> Create a virtual Env.
> Example:
>
> 1. create a simple new env
>
>    ```
>    pyenv virtualenv 3.10.6 .envPyspark
>    pyenv activate .envPyspark
>    ```
>
> 2. install the requirements
>    ```
>    pip install --upgrade pip 
>    pip install ipykernel pyspark==3.4.0
>    ```
>
> 3. Set as the kernel for your notebook
> 4. Tested with Java 8
>.

# Setup

## Imports

In [1]:
import os
from typing import List

from pyspark.sql import SparkSession
from pyspark.sql.dataframe import DataFrame

## Constants

In [2]:
MAVEN_DEPENDENCIES: List[str] = [
    'io.delta:delta-core_2.12:2.4.0'
]

CURRENT_DIR: str = os.getcwd()
PATH_TMP: str = f'{CURRENT_DIR}/tmp'
TMP_DF_NAME: str = 'df_wiseupdata'
TMP_FULL_FILE_NAME: str = f"{PATH_TMP}/{TMP_DF_NAME}"

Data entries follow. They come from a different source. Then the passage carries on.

(* Let $A\in\mathbb{T}^{n\times d}$ and $b\in\mathbb{T}^n$, let $B$ be a tropical basis of the system $A\odot x=b$, and let $j\in[d]\setminus B$ be such that the $j$-th column of $A$ has at least one entry different from $-\infty$. Then there exists a tropical basis $B'\subset B\cup\{j\}$ with $B'\neq B$. Moreover, if the instance $(A,b)$ is nondegenerate, this basis $B'$ is unique.
   Context: $\mathbb{T}=\mathbb{R}\cup\{-\infty\}$, $\oplus=\max$, $\odot=+$, $(A\odot x)_i=\max_j(A_{ij}+x_j)$; conventions $a-(-\infty)=+\infty$ for $a\in\mathbb{T}$. A tropical (feasible) basis of $A\odot x=b$, $x\in\mathbb{T}^d$, is a subset $B\subset[d]$ of cardinality $n$ for which there is a bijection $\phi:[n]\to B$ such that for every $i\in[n]$, $b_i-A_{i\phi(i)}\in\mathbb{T}$ and it is minimal among $b_k-A_{k\phi(i)}$, $k\in[n]$. Such a basis is nondegenerate if for each $i\in[n]$ the minimum $\min_k(b_k-A_{k\phi(i)})$ is a real number attained by a unique $k$. The instance $(A,b)$ is nondegenerate if all its tropical bases are nondegenerate. *)

From HB Require Import structures.
From mathcomp Require Import all_boot all_order all_algebra.
From mathcomp Require Import reals constructive_ereal.
Set Implicit Arguments. Unset Strict Implicit. Unset Printing Implicit Defensive.
Import Order.TTheory GRing.Theory Num.Theory.
Local Open Scope ring_scope.
Local Open Scope ereal_scope.

(* Tropical numbers T = R ∪ {-oo}: [None] is -oo, [Some r] is the real r. *)
Definition trop (R : realType) := option R.

(* a - c for a, c in T, valued in T ∪ {+oo} (inside \bar R), with the
   convention a - (-oo) = +oo for every a in T (including a = -oo). *)
Definition tdiff (R : realType) (a c : trop R) : \bar R :=
  match c with
  | None => +oo
  | Some c' => match a with
               | None => -oo
               | Some a' => (a' - c')%R%:E
               end
  end.

Definition tropical_basis (R : realType) (n d : nat)
    (A : 'M[trop R]_(n, d)) (b : 'I_n -> trop R) (B : {set 'I_d}) : Prop :=
  #|B| = n /\
  exists phi : 'I_n -> 'I_d,
    [/\ injective phi, [set phi i | i : 'I_n] = B &
        forall i : 'I_n,
          tdiff (b i) (A i (phi i)) != +oo /\
          forall k : 'I_n, tdiff (b i) (A i (phi i)) <= tdiff (b k) (A k (phi i))].

Definition nondegenerate_basis (R : realType) (n d : nat)
    (A : 'M[trop R]_(n, d)) (b : 'I_n -> trop R) (B : {set 'I_d}) : Prop :=
  forall c, c \in B ->
    exists k : 'I_n,
      tdiff (b k) (A k c) \is a fin_num /\
      forall k' : 'I_n, k' != k -> tdiff (b k) (A k c) < tdiff (b k') (A k' c).

Definition nondegenerate_instance (R : realType) (n d : nat)
    (A : 'M[trop R]_(n, d)) (b : 'I_n -> trop R) : Prop :=
  forall B, tropical_basis A b B -> nondegenerate_basis A b B.

From mathcomp Require Import all_boot all_order all_algebra.
From mathcomp Require Import reals constructive_ereal.

(* Let phi be the row-to-column matching of B. Take a row s minimising
   b_k - A_{kj} over k; since column j is not identically -oo this minimum
   is finite, so rematching s to j gives a basis B' containing j, hence
   different from B. Conversely, a basis B'' <> B inside B ∪ {j} of the same
   size must contain j. In a nondegenerate instance the minimum of every
   column of a basis is attained at a single row, so the row matched to j in
   B'' is s and every other row is matched as in B: hence B'' = B'. *)

Set Implicit Arguments.
Unset Strict Implicit.
Unset Printing Implicit Defensive.

Import Order.TTheory.
Local Open Scope ereal_scope.

Lemma subsetU1_neq_mem (T : finType) (x : T) (S U : {set T}) :
  S \subset x |: U -> (#|U| <= #|S|)%N -> S != U -> x \in S.
Proof.
move=> sSxU leUS; apply: contraNT => xNS.
rewrite eqEcard leUS andbT; apply/subsetP => y yS.
move/subsetP: sSxU => /(_ y yS); rewrite in_setU1.
by case/orP => // /eqP yx; rewrite -yx yS in xNS.
Qed.

Lemma tdiff_eq_pinfty (R : realType) (a c : trop R) :
  (tdiff a c == +oo) = (c == None).
Proof. by case: c => [c|] //; case: a. Qed.

Section ColumnMinimum.

Variables (R : realType) (n d : nat) (A : 'M[trop R]_(n, d)).
Variable b : 'I_n -> trop R.

Definition col_minimizer (c : 'I_d) (i : 'I_n) : Prop :=
  forall k, tdiff (b i) (A i c) <= tdiff (b k) (A k c).

Definition feasible_map (phi : 'I_n -> 'I_d) : Prop :=
  forall i, tdiff (b i) (A i (phi i)) != +oo /\ col_minimizer (phi i) i.

Lemma exists_col_minimizer (c : 'I_d) (i0 : 'I_n) :
  exists i, col_minimizer c i.
Proof.
case: (@arg_minP _ _ _ i0 xpredT (fun i => tdiff (b i) (A i c)) isT).
by move=> i _ imin; exists i => k; apply: imin.
Qed.

Lemma col_minimizer_fin (c : 'I_d) (s i0 : 'I_n) :
  col_minimizer c s -> A i0 c != None -> tdiff (b s) (A s c) != +oo.
Proof.
move=> smin; rewrite -(tdiff_eq_pinfty (b i0)); apply: contra_neq => soo.
by have := smin i0; rewrite soo leye_eq => /eqP.
Qed.

Lemma col_minimizer_uniq (S : {set 'I_d}) (c : 'I_d) (i1 i2 : 'I_n) :
  nondegenerate_basis A b S -> c \in S ->
  col_minimizer c i1 -> col_minimizer c i2 -> i1 = i2.
Proof.
move=> ndS cS; have [k [_ kmin]] := ndS c cS.
suff eq_k i : col_minimizer c i -> i = k by move=> /eq_k -> /eq_k ->.
move=> imin; apply/eqP; apply: contraT => /kmin.
by rewrite ltNge imin.
Qed.

Lemma tropical_basis_imset (phi : 'I_n -> 'I_d) :
  injective phi -> feasible_map phi ->
  tropical_basis A b [set phi i | i : 'I_n].
Proof.
move=> phiI phiF; split; first by rewrite card_imset // card_ord.
by exists phi.
Qed.

End ColumnMinimum.

Section Exchange.

Variables (R : realType) (n d : nat) (A : 'M[trop R]_(n, d)).
Variable b : 'I_n -> trop R.
Variables (phi : 'I_n -> 'I_d) (s : 'I_n) (j : 'I_d).

Definition exchange (i : 'I_n) : 'I_d := if i == s then j else phi i.

Local Notation B := [set phi i | i : 'I_n].
Local Notation B' := [set exchange i | i : 'I_n].

Hypotheses (phiI : injective phi) (phiF : feasible_map A b phi).
Hypothesis jNB : j \notin B.
Hypotheses (sfin : tdiff (b s) (A s j) != +oo) (smin : col_minimizer A b j s).

Lemma exchange_inj : injective exchange.
Proof.
move=> x y; rewrite /exchange.
have phiB i : phi i \in B by apply: imset_f.
case: eqP => [->|_]; case: eqP => [->|_] //; last exact: phiI.
- by move=> jphi; move: jNB; rewrite jphi phiB.
- by move=> phij; move: jNB; rewrite -phij phiB.
Qed.

Lemma exchange_feasible : feasible_map A b exchange.
Proof.
move=> i; rewrite /exchange.
by have [->|_] := eqVneq i s; [split | apply: phiF].
Qed.

Lemma exchange_basis : tropical_basis A b B'.
Proof. exact: (tropical_basis_imset exchange_inj exchange_feasible). Qed.

Lemma mem_exchange : j \in B'.
Proof. by apply/imsetP; exists s; rewrite // /exchange eqxx. Qed.

Lemma exchange_sub : B' \subset j |: B.
Proof.
apply/subsetP => _ /imsetP [i _ ->]; rewrite /exchange in_setU1.
by case: ifP => _; rewrite ?eqxx // (imset_f phi) ?orbT.
Qed.

Lemma exchange_basis_uniq (B'' : {set 'I_d}) :
  nondegenerate_instance A b ->
  tropical_basis A b B'' -> B'' \subset j |: B -> B'' != B -> B'' = B'.
Proof.
move=> nd basisB'' sB'' neqB''.
have ndB := nd _ (tropical_basis_imset phiI phiF).
have ndB' := nd _ exchange_basis.
case: basisB'' => cardB'' [psi [psiI psiB psiF]].
have jB'' : j \in B''.
  apply: subsetU1_neq_mem sB'' _ neqB''.
  by rewrite cardB'' card_imset // card_ord.
have psi_s : psi s = j.
  move: jB''; rewrite -psiB => /imsetP [i _ psij]; rewrite psij.
  congr psi; apply: (col_minimizer_uniq ndB' mem_exchange smin).
  by rewrite psij; case: (psiF i).
rewrite -psiB; apply: eq_imset => i; rewrite /exchange.
case: eqP => [-> // | /eqP ins].
have : psi i \in j |: B by apply: (subsetP sB''); rewrite -psiB imset_f.
rewrite in_setU1 => /orP [/eqP psij | /imsetP [k _ psik]].
  by rewrite -psi_s in psij; rewrite (psiI _ _ psij) eqxx in ins.
rewrite psik; congr phi.
have [_ kmin] := phiF k; have [_ imin] := psiF i; rewrite psik in imin.
exact: (col_minimizer_uniq ndB (imset_f phi _) kmin imin).
Qed.

End Exchange.

Theorem lemma4p2 (R : realType) (n d : nat) (A : 'M[trop R]_(n, d))
    (b : 'I_n -> trop R) (B : {set 'I_d}) (j : 'I_d) :
  tropical_basis A b B ->
  j \notin B ->
  (exists i : 'I_n, A i j != None) ->
  exists B' : {set 'I_d},
    [/\ tropical_basis A b B', B' \subset j |: B, B' != B &
        (nondegenerate_instance A b ->
         forall B'' : {set 'I_d},
           tropical_basis A b B'' -> B'' \subset j |: B -> B'' != B ->
           B'' = B')].
Proof.
move=> [_ [phi [phiI <- phiF]]] jNB [i0 Ai0j].
have [s smin] := exists_col_minimizer A b j i0.
have sfin := col_minimizer_fin smin Ai0j.
exists [set exchange phi s j i | i : 'I_n]; split.
- exact: exchange_basis.
- exact: exchange_sub.
- by apply: contraNneq jNB => <-; apply: mem_exchange.
- by move=> nd B''; apply: exchange_basis_uniq.
Qed.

## Create the spark session

In [3]:
spark: SparkSession = (
    SparkSession.builder.config('spark.jars.packages', ','.join(MAVEN_DEPENDENCIES))
    .config('spark.sql.extensions', 'io.delta.sql.DeltaSparkSessionExtension')
    .config('spark.sql.catalog.spark_catalog','org.apache.spark.sql.delta.catalog.DeltaCatalog')
    .appName('edf_core')
    .getOrCreate()
)

your 131072x1 screen size is bogus. expect trouble
23/12/12 21:40:37 WARN Utils: Your hostname, DESKTOP-O03M3NM resolves to a loopback address: 127.0.1.1; using 172.26.72.227 instead (on interface eth0)
23/12/12 21:40:37 WARN Utils: Set SPARK_LOCAL_IP if you need to bind to another address


:: loading settings :: url = jar:file:/home/wiseupdata/.pyenv/versions/3.10.6/envs/.envPyspark/lib/python3.10/site-packages/pyspark/jars/ivy-2.5.1.jar!/org/apache/ivy/core/settings/ivysettings.xml


Ivy Default Cache set to: /home/wiseupdata/.ivy2/cache
The jars for the packages stored in: /home/wiseupdata/.ivy2/jars
io.delta#delta-core_2.12 added as a dependency
:: resolving dependencies :: org.apache.spark#spark-submit-parent-fe9aac11-279a-454c-91a9-de22f180ec38;1.0
	confs: [default]
	found io.delta#delta-core_2.12;2.4.0 in central
	found io.delta#delta-storage;2.4.0 in central
	found org.antlr#antlr4-runtime;4.9.3 in central
:: resolution report :: resolve 131ms :: artifacts dl 5ms
	:: modules in use:
	io.delta#delta-core_2.12;2.4.0 from central in [default]
	io.delta#delta-storage;2.4.0 from central in [default]
	org.antlr#antlr4-runtime;4.9.3 from central in [default]
	---------------------------------------------------------------------
	|                  |            modules            ||   artifacts   |
	|       conf       | number| search|dwnlded|evicted|| number|dwnlded|
	---------------------------------------------------------------------
	|      default     |   3   |

## Creates the main DataFrame

In [4]:
df: DataFrame = (
    spark.createDataFrame([{'id': 1, 'name': 'Josh', 'age': 10, 'courses':['Python', 'Java']}, {'id': 1, 'name':'Maria', 'courses':['html']}])
)

## Basic visualization

In [5]:
df.show()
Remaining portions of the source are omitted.